Once the line buffer is loaded, instead of completing an input channel frame, first line of 64 output channels is computed and then the line buffer is updated. If there are more than 128 input channels, a temporary buffer is used to store the data and this data is accessed again for computing all the input channels.

The third objective in the computation algorithm is to achieve a pipelined MAC tree for sum of product operation. The HLS tool can produce a balanced tree if integer operations are performed, hence objective is achieved in the synthesis process. The delay of the tree is given as worst delay of an operator. Though the latency of the tree may be high, the initiation interval is one, which means next input can be taken after one cycle.
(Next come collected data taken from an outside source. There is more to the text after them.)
(* Let $(X,d)$ be a separable complete metric space, $(\Omega,\mathsf{F},\mathbb{P})$ a probability space, and $\mathcal{F}$ a sub-$\sigma$-algebra of $\mathsf{F}$. Let $\phi:X\times X\to[0,\infty)$ be a Carath\'eodory distance and let $S\subseteq X$ be a non-empty Borel set. Then for every $\mathcal{F}$-measurable $X$-valued random variable $x$ and every $\varepsilon>0$ there exists an $\mathcal{F}$-measurable $X$-valued random variable $s$ such that almost surely $s\in S$ and $\phi(s,x)\le\mathrm{dist}^\phi_S(x)+\varepsilon$.
   Context: A Carath\'eodory distance is a function $\phi:X\times X\to[0,\infty)$ continuous in its left argument and Borel measurable in its right argument. $\mathrm{dist}^\phi_S(x):=\inf_{s\in S}\phi(s,x)$. No completeness of $(\Omega,\mathcal{F},\mathbb{P})$ is assumed. *)

From HB Require Import structures.
From mathcomp Require Import all_boot all_order all_algebra.
From mathcomp Require Import all_classical all_reals all_analysis.
Set Implicit Arguments. Unset Strict Implicit. Unset Printing Implicit Defensive.
Import Order.TTheory GRing.Theory Num.Theory.
Import numFieldNormedType.Exports.
Local Open Scope classical_set_scope.
Local Open Scope ring_scope.

Definition borel (X : topologicalType) : set (set X) := <<s @open X >>.

Definition separable_space (X : topologicalType) : Prop :=
  exists2 D : set X, countable D & dense D.

Definition meas_wrt (Omega : Type) (X : topologicalType) (G : set (set Omega))
  (f : Omega -> X) : Prop :=
  forall B : set X, borel B -> G (f @^-1` B).

Definition caratheodory_distance (R : realType) (X : topologicalType)
  (phi : X -> X -> R) : Prop :=
  [/\ forall a b, 0 <= phi a b,
      forall y, continuous (fun s => phi s y) &
      forall s (B : set R), measurable B -> borel ((fun x => phi s x) @^-1` B)].

Definition distphi (R : realType) (X : Type) (phi : X -> X -> R) (S : set X)
  (x : X) : R := inf [set phi s x | s in S].

From HB Require Import structures.
From mathcomp Require Import all_boot all_order all_algebra.
From mathcomp Require Import all_classical all_reals all_analysis.
From mathcomp Require Import measurable_realfun lra.
Import Order.TTheory GRing.Theory Num.Theory.
Import numFieldNormedType.Exports.
Local Open Scope classical_set_scope.
Local Open Scope ring_scope.

(* Separability yields a sequence (e n) in S that is dense in S; by continuity
   of phi in its left argument, dist^phi_S(y) is the infimum of the sequence
   phi(e n, y).  For each w take the least index n whose term is within eps of
   every other term at y = x w: it is eps-close to that infimum, and the
   events "n is such an index" are F-measurable, so s := e_n is F-measurable
   as a countably-valued first-hit selection. *)

Lemma separable_dense_seq {X : topologicalType} (x0 : X) :
  separable_space X -> exists f : nat -> X, dense (range f).
Proof.
move=> [D cD dD]; have [D0|[f]] := pfcard_geP cD.
  by have [y []] := dD setT (ex_intro _ x0 I) openT; rewrite D0.
exists f; suff -> : range f = D by [].
by apply/seteqP; split=> [_ [n _ <-]|]; [exact: funS | exact: 'surj_f].
Qed.

Lemma separable_subset_dense_seq {R : realType} {X : pseudoMetricType R}
    (S : set X) (s0 : X) :
  S s0 -> separable_space X ->
  exists2 e : nat -> X, (forall n, S (e n)) & S `<=` closure (range e).
Proof.
move=> Ss0 /(separable_dense_seq s0)[f df].
pose g i k := xget s0 (S `&` ball (f i) k.+1%:R^-1).
have Sg i k : S (g i k) by rewrite /g; case: xgetP => [y -> []|].
pose e n := if (unpickle n : option (nat * nat)) is Some (i, k) then g i k else s0.
exists e; first by move=> n; rewrite /e; case: unpickle => [[i k]|].
move=> s Ss B /nbhs_ballP[_/posnumP[r] rB].
have [k _ /(_ k (leqnn k)) kr] := near_infty_natSinv_lt (PosNum [gt0 of r%:num / 2]).
pose a : R := k.+1%:R^-1.
have a_gt0 : 0 < a by rewrite invr_gt0 ltr0n.
have [oO Os] := open_nbhs_ball s (PosNum a_gt0).
have [z [/interior_subset sz [i _ fiz]]] := df _ (ex_intro _ s Os) oO.
rewrite -fiz in sz.
have [_ fig] : (S `&` ball (f i) a) (g i k).
  by apply: xgetI; split; [exact: Ss | exact: ball_sym].
exists (e (pickle (i, k))); split; first by exists (pickle (i, k)).
apply: rB; rewrite /e pickleK /=.
have aar : a + a <= r%:num by rewrite [leRHS]splitr ltW ?ltrD.
exact: le_ball aar _ (ball_triangle sz fig).
Qed.

Section inf_seq.
Context {R : realType}.

Lemma inf_image_closure_range {T : topologicalType} (f : T -> R) (S : set T)
    (e : nat -> T) :
  continuous f -> has_lbound (f @` S) ->
  (forall n, S (e n)) -> S `<=` closure (range e) ->
  inf (f @` S) = inf (range (f \o e)).
Proof.
move=> fc lbS eS Se; have lbe : has_lbound (range (f \o e)).
  by case: lbS => l lbl; exists l => _ [n _ <-]; apply: lbl; exists (e n).
apply/eqP; rewrite eq_le; apply/andP; split.
  apply: lb_le_inf; first by exists (f (e 0)), 0%N.
  by move=> _ [n _ <-]; apply: ge_inf => //; exists (e n).
apply: lb_le_inf; first by exists (f (e 0)), (e 0).
move=> _ [s Ss <-]; apply/ler_addgt0Pr => delta delta_gt0.
have [_ [[n _ <-] /= fen]] :=
  Se s Ss _ (fc s _ (nbhs_ball_norm _ (PosNum delta_gt0))).
apply: le_trans (ge_inf lbe _) _; first by exists n.
by move: fen; rewrite ltr_norml => /andP[fen _] /=; lra.
Qed.

Definition near_min (a : nat -> R) (eps : R) (n : nat) :=
  forall m, a n - a m < eps.

Lemma near_min_exists (a : nat -> R) (eps : R) :
  has_lbound (range a) -> 0 < eps -> exists n, near_min a eps n.
Proof.
move=> lba eps_gt0; have infa : has_inf (range a) by split => //; exists (a 0%N), 0%N.
have [_ [n _ <-] an] := inf_adherent eps_gt0 infa.
exists n => m; have : inf (range a) <= a m by apply: ge_inf => //; exists m.
lra.
Qed.

Lemma near_min_le_inf (a : nat -> R) (eps : R) (n : nat) :
  near_min a eps n -> a n <= inf (range a) + eps.
Proof.
move=> an; rewrite -lerBlDr; apply: lb_le_inf; first by exists (a 0%N), 0%N.
by move=> _ [m _ <-]; have := an m; lra.
Qed.

End inf_seq.

Section first_hit.
Context {d : measure_display} {T : measurableType d}.

Lemma measurable_first_hit (C : nat -> set T) :
  (forall n, measurable (C n)) -> (forall w, exists n, C n w) ->
  exists2 N : T -> nat,
    (forall w, C (N w) w) & forall n, measurable (N @^-1` [set n]).
Proof.
move=> mC hC; have hCb w : exists n, `[< C n w >].
  by have [n Cn] := hC w; exists n; apply/asboolP.
exists (fun w => ex_minn (hCb w)); first by move=> w; case: ex_minnP => n /asboolP.
move=> n; suff -> : (fun w => ex_minn (hCb w)) @^-1` [set n] =
    C n `\` \bigcup_(k in `I_n) C k.
  by apply: measurableD => //; apply: bigcup_measurable.
apply/seteqP; split => w /=; case: ex_minnP => m /asboolP Cm minm.
  by move=> <-; split => // -[k /= km /asboolT/minm]; rewrite leqNgt km.
move=> [Cn nC]; apply/eqP; rewrite eqn_leq minm ?asboolT //= leqNgt.
by apply/negP => mn; apply: nC; exists m.
Qed.

Lemma measurable_preimage_comp_nat {U : Type} (N : T -> nat) (e : nat -> U) :
  (forall n, measurable (N @^-1` [set n])) ->
  forall B : set U, measurable ((e \o N) @^-1` B).
Proof.
move=> mN B; suff -> : (e \o N) @^-1` B = \bigcup_(n in e @^-1` B) N @^-1` [set n].
  exact: bigcup_measurable.
by apply/seteqP; split => [w Bw|w [n Bn /= ->]] //; exists (N w).
Qed.

Lemma measurable_near_min {R : realType} (a : nat -> T -> R) (eps : R) (n : nat) :
  (forall m, measurable_fun setT (a m)) ->
  measurable [set w | near_min (a ^~ w) eps n].
Proof.
move=> ma; suff -> : [set w | near_min (a ^~ w) eps n] =
    \bigcap_m ((a n \- a m) @^-1` `]-oo, eps[).
  apply: bigcapT_measurable => m; rewrite -[_ @^-1` _]setTI.
  exact: measurable_funB (ma n) (ma m) measurableT _ (measurable_itv _).
apply/seteqP; split => w /= anw m; last by have := anw m I; rewrite /= in_itv.
by move=> _; rewrite /= in_itv /= anw.
Qed.

End first_hit.

Theorem lemma2p10 (R : realType) (X : completePseudoMetricType R)
  (d : measure_display) (Omega : measurableType d) (P : probability Omega R)
  (F : set (set Omega)) (phi : X -> X -> R) (S : set X) :
  hausdorff_space X -> separable_space X ->
  sigma_algebra setT F -> F `<=` measurable ->
  caratheodory_distance phi ->
  borel S -> S !=set0 ->
  forall (x : Omega -> X), meas_wrt F x ->
  forall eps : R, 0 < eps ->
  exists s : Omega -> X, meas_wrt F s /\
    {ae P, forall w, S (s w) /\ phi (s w) (x w) <= distphi phi S (x w) + eps}.
Proof.
move=> _ sep sF _ [phi_ge0 phi_cont phi_meas] _ [s0 Ss0] x mx eps eps_gt0.
have [e eS Se] := separable_subset_dense_seq _ _ Ss0 sep.
pose a n (w : g_sigma_algebraType F) := phi (e n) (x w).
have ma n : measurable_fun setT (a n).
  move=> _ B mB; rewrite setTI; apply: sub_sigma_algebra.
  exact: mx (phi_meas _ _ mB).
have lba w : has_lbound (range (a ^~ w)).
  by exists 0 => _ [n _ <-]; exact: phi_ge0.
have distE w : distphi phi S (x w) = inf (range (a ^~ w)).
  rewrite /distphi (inf_image_closure_range _ _ _ (phi_cont (x w)) _ eS Se) //.
  by exists 0 => _ [s _ <-]; exact: phi_ge0.
have [N aN mN] := measurable_first_hit _ (fun n => measurable_near_min a eps n ma)
  (fun w => near_min_exists _ _ (lba w) eps_gt0).
exists (e \o N); split.
  move=> B _; rewrite -(measurable_g_measurableTypeE sF).
  exact: measurable_preimage_comp_nat.
apply: aeW => w; split; first exact: eS.
by rewrite distE; exact: near_min_le_inf (a ^~ w) eps (N w) (aN w).
Qed.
**HW\_Unit\_3:** This unit contains one streaming function to add data coming from 128 computation units and produces one output stream.

**HW\_Interface\_2:** The two DDR memories discussed in HW\_Interface\_1 were used for getting input data. Similarly, remaining two DDR memories are used for storing output and network parameters data. Temporary buffer can also be utilized if enough BRAMs are present in the chip and one DDR bank can be eliminated. Since this design computes 64 output channels and 128 input channels, this means if 1024 input channels are present, then intermediate tile data of size  $64*i_{size}*i_{size}$  has to be stored in a DDR bank ( $temp\_buff$ ). This DDR bank should be accessed when adding the values to the

next tile computed. All the parameters of the network such as weight offset and bias offset are precomputed and copied to DDR 4.

**HW\_Unit\_4:** This unit receives one stream from HW\_Unit\_3 and contains one function to read/write data from two DDR banks or temporary buffer (*para\_buff*). The bias is added at this stage and data is stored back in one of the DDR banks or *para\_buff*. Algorithm 2 demonstrates this process. This unit also checks whether pooling is required, if yes then stream data goes to a pooling function else the polling unit is bypassed.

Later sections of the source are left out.